**Task description**. Your answer should be the lines below from the one with "C Y Z F -> C Y Z (fun" to the one with "by apply/funext => p; rewrite scaleN1r.", both included, given again exactly and with nothing added.

**Information supplied**.
Lemma affine_linear {Y U : normedModType R} (L : {linear Y -> U}) :
  continuous L -> affine L.
Proof. by move=> contL; exists L, 0; split => // y; rewrite addr0. Qed.

Lemma affine_cst {Y U : normedModType R} (c : U) : affine (fun _ : Y => c).
Proof.
exists (\0 : {linear Y -> U}), c; split; first by move=> x; exact: cvg_cst.
by move=> y; rewrite /= add0r.
Qed.

Lemma gderiv_linear {Y U : normedModType R} (L : {linear Y -> U}) y v :
  gderiv L y v = L v.
Proof. exact: (derive_linear L y v (linearP L)).2. Qed.

Lemma gderiv_graph_map {Y Z : normedModType R} (F : Y -> Z) y w :
  derivable F y w -> gderiv (graph_map F) y w = (w, gderiv F y w).
Proof.
move=> dF; rewrite /gderiv (derive_pair _ _ _ _ (@derivable_id _ _ y w) dF).2.
by rewrite derive_id.
Qed.

Definition graph_defect {Y Z : normedModType R} (F : Y -> Z) (p : Y * Z) : Z :=
  p.2 - F p.1.

Lemma gderiv_graph_defect {Y Z : normedModType R} (F : Y -> Z) p v :
  derivable F p.1 v.1 ->
  gderiv (graph_defect F) p v = v.2 - gderiv F p.1 v.1.
Proof.
move=> dF.
have [dFfst DFfst] := derive_comp_linear fst F p v (linearP fst) dF.
have [dsnd Dsnd] := derive_linear snd p v (linearP snd).
by rewrite /gderiv /graph_defect deriveB // -DFfst -Dsnd.
Qed.

Variable phi : integrator_map R.
Hypothesis phi_affine : affine_equivariant phi.

Lemma affine_equivariant_linear {Y U : completeNormedModType R}
    (L : {linear Y -> U}) (f : Y -> Y) (g : U -> U) :
  continuous L -> vfield f -> vfield g ->
  (forall y, L (f y) = g (L y)) -> forall y, L (phi Y f y) = phi U g (L y).
Proof.
move=> contL vf vg Lfg y; rewrite -(gderiv_linear L y).
apply: (phi_affine _ _ _ _ _ (affine_linear L contL) vf vg) => x.
by rewrite gderiv_linear.
Qed.

Lemma affine_equivariant_zero (Z : completeNormedModType R) (z : Z) :
  phi Z (fun _ => 0) z = 0.
Proof.
have v0 : vfield (fun _ : Z => 0 : Z) by move=> k; exact: Ck_cst.
have rel0 : related (fun _ : Z => z) (fun _ => 0) (fun _ => 0).
  by move=> x; rewrite /gderiv derive_cst.
by rewrite -(phi_affine _ _ _ _ _ (affine_cst z) v0 v0 rel0 z) /gderiv derive_cst.
Qed.

Lemma functionally_equivariant_of_defect_preserving
    {Y Z : completeNormedModType R} (F : Y -> Z) :
  (forall y w, derivable F y w) ->
  F_invariant_preserving phi (graph_defect F) ->
  F_functionally_equivariant phi F.
Proof.
move=> dF defect_preserved f vf vg y; set g := augmented F f.
have phi_fst p : (phi _ g p).1 = phi Y f p.1.
  by apply: (affine_equivariant_linear fst) => // q; exact: cvg_fst.
have phi_snd p : (phi _ g p).2 = gderiv F p.1 (phi Y f p.1).
  have g_defect q : gderiv (graph_defect F) q (g q) = 0.
    by rewrite gderiv_graph_defect // subrr.
  move: (defect_preserved g vg g_defect p).
  by rewrite gderiv_graph_defect // phi_fst => /eqP; rewrite subr_eq0 => /eqP.
by rewrite /related gderiv_graph_map // [RHS]surjective_pairing phi_fst phi_snd.
Qed.

Lemma invariant_preserving_of_functionally_equivariant
    {Y Z : completeNormedModType R} (F : Y -> Z) :
  (forall y w, derivable F y w) ->
  F_functionally_equivariant phi F -> F_invariant_preserving phi F.
Proof.
move=> dF F_equivariant f vf Ff0 y.
have g_eq : augmented F f = fun p => (f p.1, 0).
  by apply/funext => p; rewrite /augmented Ff0.
have v0 : vfield (fun _ : Z => 0 : Z) by move=> k; exact: Ck_cst.
have vg : vfield (augmented F f).
  rewrite g_eq => k; apply: Ck_pair; last exact: Ck_cst.
  by apply: Ck_comp_linear (linearP fst) _ (vf k) => p; exact: cvg_fst.
have phi_snd p : (phi _ (augmented F f) p).2 = 0.
  rewrite (affine_equivariant_linear snd _ (fun _ : Z => 0)) //.
  - exact: affine_equivariant_zero.
  - by move=> q; exact: cvg_snd.
  - by move=> q; rewrite g_eq.
move: (F_equivariant f vf vg y).
by rewrite /related gderiv_graph_map // => /(congr1 snd) /= ->.
Qed.

End Equivariance.

Theorem theorem2p9 (R : realType) (C : map_class R) (phi : integrator_map R) :
  class_ok C ->
  (* (i) identity *)
  (forall Y : completeNormedModType R, C Y Y id) ->
  (* (ii) vector space *)
  (forall Y Z : completeNormedModType R, C Y Z (fun _ => 0)) ->
  (forall (Y Z : completeNormedModType R) (F G : Y -> Z),
      C Y Z F -> C Y Z G -> C Y Z (fun y => F y + G y)) ->
  (forall (Y Z : completeNormedModType R) (a : R) (F : Y -> Z),
      C Y Z F -> C Y Z (fun y => a *: F y)) ->
  (* (iii) closure under affine pre/post-composition *)
  (forall (Y U V Z : completeNormedModType R) (A : Y -> U) (B : V -> Z) (F : U -> V),
      affine A -> affine B -> C U V F -> C Y Z (B \o F \o A)) ->
  integrator_ok phi ->
  affine_equivariant phi ->
  (class_invariant_preserving phi C <-> class_functionally_equivariant phi C).
Proof.
move=> C_gateaux C_id _ C_add C_scale C_affine _ phi_affine.
have C_derivable Y Z F : C Y Z F -> forall y w, derivable F y w.
  by move=> CF y w; exact: (C_gateaux _ _ F CF y).1.
split=> [C_preserving | C_equivariant] Y Z F CF.
- apply: (functionally_equivariant_of_defect_preserving _ phi_affine F
    (C_derivable _ _ _ CF)).
  have affine_id (U : completeNormedModType R) : affine (@idfun U).
    exact: affine_linear idfun (fun=> cvg_id).
  have C_snd : C (Y * Z)%type Z (idfun \o idfun \o snd).
    exact: C_affine (affine_linear snd (fun=> cvg_snd)) (affine_id Z) (C_id Z).
  have C_Ffst : C (Y * Z)%type Z (idfun \o F \o fst).
    exact: C_affine (affine_linear fst (fun=> cvg_fst)) (affine_id Z) CF.
  have -> : graph_defect F =
      (fun p => (idfun \o idfun \o snd) p + (-1) *: (idfun \o F \o fst) p).
    by apply/funext => p; rewrite scaleN1r.
  exact/C_preserving/C_add/C_scale.
- exact: (invariant_preserving_of_functionally_equivariant _ phi_affine F
    (C_derivable _ _ _ CF) (C_equivariant _ _ _ CF)).
Qed.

**Your solution**.
      C Y Z F -> C Y Z (fun y => a *: F y)) ->
  (* (iii) closure under affine pre/post-composition *)
  (forall (Y U V Z : completeNormedModType R) (A : Y -> U) (B : V -> Z) (F : U -> V),
      affine A -> affine B -> C U V F -> C Y Z (B \o F \o A)) ->
  integrator_ok phi ->
  affine_equivariant phi ->
  (class_invariant_preserving phi C <-> class_functionally_equivariant phi C).
Proof.
move=> C_gateaux C_id _ C_add C_scale C_affine _ phi_affine.
have C_derivable Y Z F : C Y Z F -> forall y w, derivable F y w.
  by move=> CF y w; exact: (C_gateaux _ _ F CF y).1.
split=> [C_preserving | C_equivariant] Y Z F CF.
- apply: (functionally_equivariant_of_defect_preserving _ phi_affine F
    (C_derivable _ _ _ CF)).
  have affine_id (U : completeNormedModType R) : affine (@idfun U).
    exact: affine_linear idfun (fun=> cvg_id).
  have C_snd : C (Y * Z)%type Z (idfun \o idfun \o snd).
    exact: C_affine (affine_linear snd (fun=> cvg_snd)) (affine_id Z) (C_id Z).
  have C_Ffst : C (Y * Z)%type Z (idfun \o F \o fst).
    exact: C_affine (affine_linear fst (fun=> cvg_fst)) (affine_id Z) CF.
  have -> : graph_defect F =
      (fun p => (idfun \o idfun \o snd) p + (-1) *: (idfun \o F \o fst) p).
    by apply/funext => p; rewrite scaleN1r.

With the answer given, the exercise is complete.